2. 証明書署名要求 (CSR) を生成します。
   • 2048 ビット RSA 秘密キーと証明書署名リクエストを生成します。

   openssl req -new -newkey rsa:2048 -nodes -keyout private.key -out csr.csr
   

• パラメータの詳細な説明:

  • req：OpenSSLの証明書要求ツールを使用することを示します。
  • -new: 新しい証明書リクエストを作成します。
  • -newkey rsa:2048: 新しい RSA キー ペアを作成します。RSA アルゴリズムでは 2048 ビットのキー長が使用されます。
  • -nodes: 生成された秘密キー ファイルは暗号化されません。これにより、秘密キーを使用するときにパスワードを入力する必要がなくなります。
  • -keyout private.key: 生成された秘密キーを private.key ファイルに保存します。
  • -out csr.csr: 生成された証明書要求を csr.csr ファイルに保存します。

• このコードを実行すると、秘密鍵ファイル private.key と証明書署名要求ファイル csr.csr が生成されます。

• 秘密キー ファイルはデータの暗号化と復号化に使用され、証明書署名要求ファイルには、ドメイン名、組織など、証明書を申請するための関連情報が含まれています。
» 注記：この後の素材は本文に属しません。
Lemma Lmul_rsum_dst Sl d n (a : nat -> R) i :
  Lmul Sl d (fun j => rsum n (fun k => a k * dst d k j)) i
  = rsum n (fun k => a k * Lmul Sl d (dst d k) i).
Proof.
  induction n as [|n IH]; simpl.
  - unfold Lmul. destruct i; destruct (Nat.ltb _ d); unfold Rdiv; ring.
  - rewrite <- IH. unfold Lmul. destruct i; destruct (Nat.ltb _ d); unfold Rdiv; ring.
Qed.

Lemma Linv_spec Sl d p i : 0 < Sl -> (i < d)%nat -> Lmul Sl d (Linv Sl d p) i = p i.
Proof.
  intros HS Hi. unfold Linv. revert i Hi. apply epsilon_spec.
  exists (fun j => rsum d (fun k => (2 / INR (d + 1) * (coef d k p / eigval Sl d k)) * dst d k j)).
  intros i Hi. rewrite Lmul_rsum_dst, <- (dst_inversion d p i Hi), <- rsum_scal.
  apply rsum_ext. intros k Hk. rewrite Lmul_dst by assumption.
  pose proof (INR_succ_pos d). pose proof (eigval_neg Sl d k HS Hk).
  field. lra.
Qed.

Lemma coef_Linv Sl d k p : 0 < Sl -> (k < d)%nat ->
  coef d k (Linv Sl d p) = coef d k p / eigval Sl d k.
Proof.
  intros HS Hk. pose proof (eigval_neg Sl d k HS Hk).
  apply (Rmult_eq_reg_l (eigval Sl d k)); [| lra].
  rewrite <- coef_Lmul. field_simplify; [| lra].
  unfold coef, vdot. apply rsum_ext. intros. rewrite Linv_spec; auto.
Qed.

(** * Linear ODEs *)

Lemma derivable_pt_lim_scal_id r s : derivable_pt_lim (fun t => r * t) s r.
Proof.
  pose proof (derivable_pt_lim_scal id r s 1 (derivable_pt_lim_id s)) as H.
  rewrite Rmult_1_r in H. exact H.
Qed.

(* [w t * exp (- K t)] is nonincreasing, nonnegative and vanishes at 0. *)
Lemma Gronwall_zero (w w' : R -> R) K :
  (forall s, derivable_pt_lim w s (w' s)) -> (forall s, w' s <= K * w s) ->
  (forall s, 0 <= w s) -> w 0 = 0 -> forall t, 0 <= t -> w t = 0.
Proof.
  intros Dw Hw Hpos w0 t [Ht | <-]; [| exact w0].
  set (g := fun s => w s * exp (- K * s)).
  set (g' := fun s => w' s * exp (- K * s) + w s * (exp (- K * s) * - K)).
  assert (Dg : forall s, derivable_pt_lim g s (g' s)).
  { intros s. apply (derivable_pt_lim_mult w (fun s => exp (- K * s))); [apply Dw|].
    apply (derivable_pt_lim_comp (fun s => - K * s) exp);
      [apply derivable_pt_lim_scal_id | apply derivable_pt_lim_exp]. }
  destruct (MVT_cor2 g g' 0 t Ht (fun c _ => Dg c)) as [c0 [E _]].
  assert (g' c0 <= 0).
  { unfold g'. pose proof (exp_pos (- K * c0)). pose proof (Hw c0). nra. }
  pose proof (exp_pos (- K * t)). pose proof (Hpos t).
  unfold g in E. rewrite w0, Rmult_0_l, Rminus_0_r in E. nra.
Qed.

Lemma linear_ode2_zero (e f : R -> R) al be :
  (forall t, derivable_pt_lim e t (al * f t)) -> (forall t, derivable_pt_lim f t (be * e t)) ->
  e 0 = 0 -> f 0 = 0 -> forall t, 0 <= t -> e t = 0 /\ f t = 0.
Proof.
  intros De Df e0 f0 t Ht.
  assert (Hw : e t * e t + f t * f t = 0).
  { apply (Gronwall_zero (fun s => e s * e s + f s * f s) (fun s => 2 * (al + be) * e s * f s)
             (Rabs (al + be))); auto.
    - intros s.
      replace (2 * (al + be) * e s * f s)
        with ((al * f s * e s + e s * (al * f s)) + (be * e s * f s + f s * (be * e s))) by ring.
      apply (derivable_pt_lim_plus (fun s => e s * e s) (fun s => f s * f s));
        apply derivable_pt_lim_mult; auto.
    - intros s.
      assert (Rabs (2 * e s * f s) <= e s * e s + f s * f s).
      { apply Rabs_le. pose proof (pow2_ge_0 (e s - f s)). pose proof (pow2_ge_0 (e s + f s)). nra. }
      pose proof (Rle_abs ((al + be) * (2 * e s * f s))) as Habs.
      rewrite Rabs_mult in Habs. pose proof (Rabs_pos (al + be)). nra.
    - intros s. nra.
    - rewrite e0, f0. ring. }
  split; nra.
Qed.

Lemma linear_ode2_unique (e1 f1 e2 f2 : R -> R) al be :
  (forall t, derivable_pt_lim e1 t (al * f1 t)) -> (forall t, derivable_pt_lim f1 t (be * e1 t)) ->
  (forall t, derivable_pt_lim e2 t (al * f2 t)) -> (forall t, derivable_pt_lim f2 t (be * e2 t)) ->
  e1 0 = e2 0 -> f1 0 = f2 0 -> forall t, 0 <= t -> e1 t = e2 t /\ f1 t = f2 t.
Proof.
  intros D1 D2 D3 D4 I1 I2 t Ht.
  destruct (linear_ode2_zero (fun s => e1 s - e2 s) (fun s => f1 s - f2 s) al be)
    with (t := t) as [A B]; auto; try lra.
  - intros s. replace (al * (f1 s - f2 s)) with (al * f1 s - al * f2 s) by ring.
    apply (derivable_pt_lim_minus e1 e2); auto.
  - intros s. replace (be * (e1 s - e2 s)) with (be * e1 s - be * e2 s) by ring.
    apply (derivable_pt_lim_minus f1 f2); auto.
Qed.

(** * The split flows in sine coordinates *)

Lemma coef_flow_derivable d (f : state -> state) F x k t : is_flow d f F ->
  derivable_pt_lim (fun s => coef d k (fst (F s x))) t (coef d k (fst (f (F t x)))) /\
  derivable_pt_lim (fun s => coef d k (snd (F s x))) t (coef d k (snd (f (F t x)))).
Proof.
  intros H. destruct (H x) as [_ H2].
  split; apply (rsum_derivable d (dst d k) (fun i s => _ (F s x) i)); intros i Hi; apply (H2 t i Hi).
Qed.

Lemma coef_flow_0 d (f : state -> state) F x k : is_flow d f F ->
  coef d k (fst (F 0 x)) = coef d k (fst x) /\ coef d k (snd (F 0 x)) = coef d k (snd x).
Proof.
  intros H. destruct (H x) as [H1 _].
  split; apply rsum_ext; intros i Hi; destruct (H1 i Hi) as [E1 E2]; rewrite ?E1, ?E2; reflexivity.
Qed.

Lemma coef_scal d k r u : coef d k (fun i => r * u i) = r * coef d k u.
Proof. unfold coef, vdot. rewrite <- rsum_scal. apply rsum_ext. intros; ring. Qed.

Lemma coef_opp d k u : coef d k (fun i => - u i) = - coef d k u.
Proof.
  unfold coef, vdot. replace (- rsum d _) with (-1 * rsum d (fun i => dst d k i * u i)) by ring.
  rewrite <- rsum_scal. apply rsum_ext. intros; ring.
Qed.

Lemma coef_minus d k u v : coef d k (fun i => u i - v i) = coef d k u - coef d k v.
Proof. unfold coef, vdot. rewrite <- rsum_minus. apply rsum_ext. intros; ring. Qed.

Section SplitFlows.
Variables (Sl : R) (d : nat) (c : R).
Hypothesis HS : 0 < Sl.

Lemma coef_fieldA k y : (k < d)%nat ->
  coef d k (fst (fieldA Sl d c y)) = - coef d k (snd y) / eigval Sl d k /\
  coef d k (snd (fieldA Sl d c y)) = c ^ 2 * eigval Sl d k * coef d k (fst y).
Proof.
  intros Hk. simpl. rewrite coef_opp, coef_scal, coef_Linv, coef_Lmul by assumption.
  split; [unfold Rdiv |]; ring.
Qed.

Lemma coef_fieldB k y :
  coef d k (fst (fieldB Sl d c y)) = 0 /\
  coef d k (snd (fieldB Sl d c y)) = ((1 - c ^ 2) * eigval Sl d k - 1) * coef d k (fst y).
Proof.
  simpl. rewrite coef_minus, coef_scal, coef_Lmul. split; [| ring].
  unfold coef, vdot. rewrite (rsum_ext d _ (fun _ => 0)), rsum_const by (intros; ring). ring.
Qed.

(* [Sf] and [Cf] play the roles of sin (c t) / c and cos (c t), also when c = 0. *)
Lemma coef_flowA FA (Sf Cf : R -> R) x k t :
  is_flow d (fieldA Sl d c) FA -> (k < d)%nat ->
  (forall s, derivable_pt_lim Sf s (Cf s)) -> (forall s, derivable_pt_lim Cf s (- c ^ 2 * Sf s)) ->
  Sf 0 = 0 -> Cf 0 = 1 -> 0 <= t ->
  coef d k (fst (FA t x)) = coef d k (fst x) * Cf t - coef d k (snd x) / eigval Sl d k * Sf t /\
  coef d k (snd (FA t x)) = c ^ 2 * eigval Sl d k * coef d k (fst x) * Sf t + coef d k (snd x) * Cf t.
Proof.
  intros HF Hk DS DC S0 C0 Ht.
  pose proof (eigval_neg Sl d k HS Hk) as Hl.
  set (a := coef d k (fst x)). set (b := coef d k (snd x)). set (l := eigval Sl d k) in *.
  apply (linear_ode2_unique (fun s => coef d k (fst (FA s x))) (fun s => coef d k (snd (FA s x)))
    (fun s => a * Cf s - b / l * Sf s) (fun s => c ^ 2 * l * a * Sf s + b * Cf s) (- / l) (c ^ 2 * l));
    auto.
  - intros s. destruct (coef_flow_derivable d _ FA x k s HF) as [D _].
    destruct (coef_fieldA k (FA s x) Hk) as [E _]. rewrite E in D.
    replace (- / l * coef d k (snd (FA s x))) with (- coef d k (snd (FA s x)) / l) by (unfold Rdiv; ring).
    exact D.
  - intros s. destruct (coef_flow_derivable d _ FA x k s HF) as [_ D].
    destruct (coef_fieldA k (FA s x) Hk) as [_ E]. rewrite E in D. exact D.
  - intros s. replace (- / l * (c ^ 2 * l * a * Sf s + b * Cf s))
      with (a * (- c ^ 2 * Sf s) - b / l * Cf s) by (field; lra).
    apply (derivable_pt_lim_minus (fun s => a * Cf s) (fun s => b / l * Sf s));
      apply derivable_pt_lim_scal; auto.
  - intros s. replace (c ^ 2 * l * (a * Cf s - b / l * Sf s))
      with (c ^ 2 * l * a * Cf s + b * (- c ^ 2 * Sf s)) by (field; lra).
    apply (derivable_pt_lim_plus (fun s => c ^ 2 * l * a * Sf s) (fun s => b * Cf s));
      apply derivable_pt_lim_scal; auto.
  - destruct (coef_flow_0 d _ FA x k HF) as [-> _]. rewrite S0, C0. unfold a. ring.
  - destruct (coef_flow_0 d _ FA x k HF) as [_ ->]. rewrite S0, C0. unfold b. ring.
Qed.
この証明書署名要求ファイルを認証局 (CA) に送信して、有効な証明書を取得できます。

3. 証明書の詳細を表示します。
   • 発行局、有効期間、公開鍵などの証明書の詳細が表示されます。

   openssl x509 -in certificate.crt -text -noout
   

---

4. 秘密キーの詳細を表示します。
   • アルゴリズム、長さなどを含む秘密キーの詳細を表示します。

   openssl rsa -in private.key -text -noout
   

---

5. ファイルの暗号化と復号化:
   • ファイルは、AES-256-CBC アルゴリズムを使用して暗号化および復号化されます。
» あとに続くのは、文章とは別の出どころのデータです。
Lemma round_facts sig st : invariant sig st ->
  let st' := round v B alpha beta l sig st in
  [/\ invariant sig st', st_rho st' = alpha * st_rho st,
      stopped l st' \/ flagged st' &
      (st_steps st' <= st_steps st + steps_per_offer * n)%N].
Proof.
move=> I; rewrite roundE.
have := round_invariant_foldl (round_invariant_start I).
case: (foldl _ _ _) => st' done F /=.
split; [exact: (ri_inv F) | exact: (ri_rho F) | |].
- case: done F => F; first by right; exact: (ri_flagged F).
  left; rewrite /stopped setD_eq0; apply/subsetP => w wR.
  by case: (ri_cover F isT wR).
- have todo_n : (size (round_todo st) <= n)%N.
    by rewrite size_filter (leq_trans (count_size _ _)) // size_enum_ord.
  have := ri_steps F; rewrite /= muln0 addn0 => /leq_trans; apply.
  by rewrite leq_add2l leq_mul2l todo_n orbT.
Qed.

Record initial_invariant sig st (rem : seq 'I_n) : Prop := {
  ii_consistent : consistent sig (st_hist st);
  ii_offers : forall e, e \in st_hist st -> e.1.2 = B /\ e.1.1 \notin rem;
  ii_rejected : forall w q, (w, q, false) \in st_hist st -> w \notin st_R st;
  ii_notin_R : forall w, w \in rem -> w \notin st_R st;
  ii_uniq : uniq rem;
  ii_steps : (st_steps st + size rem = n)%N }.

Lemma initial_invariant_step sig st u rem :
  initial_invariant sig st (u :: rem) ->
  initial_invariant sig (step1_one B sig st u) rem.
Proof.
move=> II; rewrite step1_oneE.
have /andP [urem uniq_rem] := ii_uniq II.
have uR : u \notin st_R st by apply: (ii_notin_R II); rewrite inE eqxx.
have fresh w : w \in rem -> w != u by move=> hw; apply: contraTneq hw => ->.
split => //=.
- by apply: consistent_rcons => //; apply: (ii_consistent II).
- move=> e; rewrite mem_rcons in_cons => /orP [/eqP -> //|he].
  have [-> hn] := ii_offers II he; split => //; move: hn.
  by rewrite inE negb_or => /andP [].
- move=> w q; rewrite mem_rcons in_cons => /orP [/eqP [-> _ <-] //|he].
  have wR := ii_rejected II he; case: (sig _ _ _) => //; rewrite !inE negb_or wR andbT.
  by have [_] := ii_offers II he; rewrite /= inE negb_or => /andP [].
- move=> w hw; have wR : w \notin st_R st by apply: (ii_notin_R II); rewrite inE hw orbT.
  by case: (sig _ _ _) => //; rewrite !inE negb_or wR fresh.
- by have := ii_steps II; rewrite /= addSnnS.
Qed.

Lemma initial_invariant_foldl sig st rem : initial_invariant sig st rem ->
  initial_invariant sig (foldl (step1_one B sig) st rem) [::].
Proof. by elim: rem st => [|u rem IH] st II //=; apply/IH/initial_invariant_step. Qed.

Lemma foldl_step1_fields sig (rem : seq 'I_n) st :
  let st' := foldl (step1_one B sig) st rem in
  [/\ st_p st' = st_p st, st_ustar st' = st_ustar st, st_Sprev st' = st_Sprev st,
      st_Scur st' = st_Scur st & st_rho st' = st_rho st].
Proof.
by elim: rem st => [|u rem IH] st //=; have [-> -> -> -> ->] := IH (step1_one B sig st u).
Qed.

Lemma init_facts sig : let st := init_state B alpha eps sig in
  [/\ invariant sig st, st_rho st = eps / alpha & st_steps st = n].
Proof.
have r0 : 0 < eps / alpha by rewrite divr_gt0 //; have := alpha_gt1; lra.
pose st0 : state R n := St [::] (fun _ => B) set0 set0 (fun _ => set0) (fun _ => set0) (eps / alpha) 0%N.
have II : initial_invariant sig st0 (enum 'I_n).
  split => //=; [exact: consistent_nil | by move=> w; rewrite inE |
    exact: enum_uniq | exact: size_enum_ord].
have {}II := initial_invariant_foldl II.
have [ep eu eP eS er] := foldl_step1_fields sig (enum 'I_n) st0.
rewrite /init_state -/st0; set st := foldl _ _ _ in II ep eu eP eS er *.
have none w : ~ selected st w by case=> [[i _]|[[i _]|]]; rewrite ?eP ?eS ?eu inE.
split; [split | by [] | by have := ii_steps II; rewrite addn0].
- by rewrite er.
- by move=> w; rewrite ep /=; have := vbound_ge0; have := B_gt0; move=> *; apply/andP; lra.
- by move=> i _; rewrite eP; exists 1; last exact: certified_set0.
- by move=> i _; rewrite eS er; apply/certified_set0/ltW.
- by rewrite /feasible eu psum0 v0 subr0; split; [apply: ltW | ].
- exact: (ii_consistent II).
- by move=> w q a he; rewrite ep; have [/= ->] := ii_offers II he.
- exact: (ii_rejected II).
- by move=> w /none.
- by move=> w /none.
Qed.

Lemma state_after_facts sig t : let st := state_after v B alpha beta eps l sig t in
  [/\ invariant sig st, st_rho st = eps / alpha * alpha ^+ t,
      (st_steps st <= n + t * (steps_per_offer * n))%N &
      (0 < t)%N -> stopped l st \/ flagged st].
Proof.
elim: t => [|t [I er es _]] /=.
  by have [I er es] := init_facts sig; rewrite expr0 mulr1 es addn0.
have [I' er' stop es'] := round_facts I.
split => //; first by rewrite er' er exprS; ring.
by move: es es'; rewrite mulSn; lia.
Qed.

Lemma process_answer_hist a st u :
  st_hist (process_answer a st u).1 = rcons (st_hist st) (u, offer st u, a).
Proof. by rewrite /process_answer; case: a => //=; case: ifP. Qed.

Lemma process_prefix sig sd u :
  prefix (st_hist sd.1) (st_hist (process v B beta l sig sd u).1).
Proof.
case: sd => st []; first exact: prefix_refl.
by rewrite processE process_answer_hist prefix_rcons.
Qed.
openssl enc -aes-256-cbc -salt -in plaintext.txt -out encrypted.txt
openssl enc -d -aes-256-cbc -in encrypted.txt -out decrypted.txt

• openssl help詳細とヘルプを表示するには、コマンドを使用してください。

SSL証明書とDDoS攻撃

• SSL 証明書自体は、DDoS 攻撃を直接防ぐことはできません。SSL 証明書は、送信データを暗号化し、通信のセキュリティを確保するために使用されますが、サーバーを強力な DDoS 攻撃から保護することはできません。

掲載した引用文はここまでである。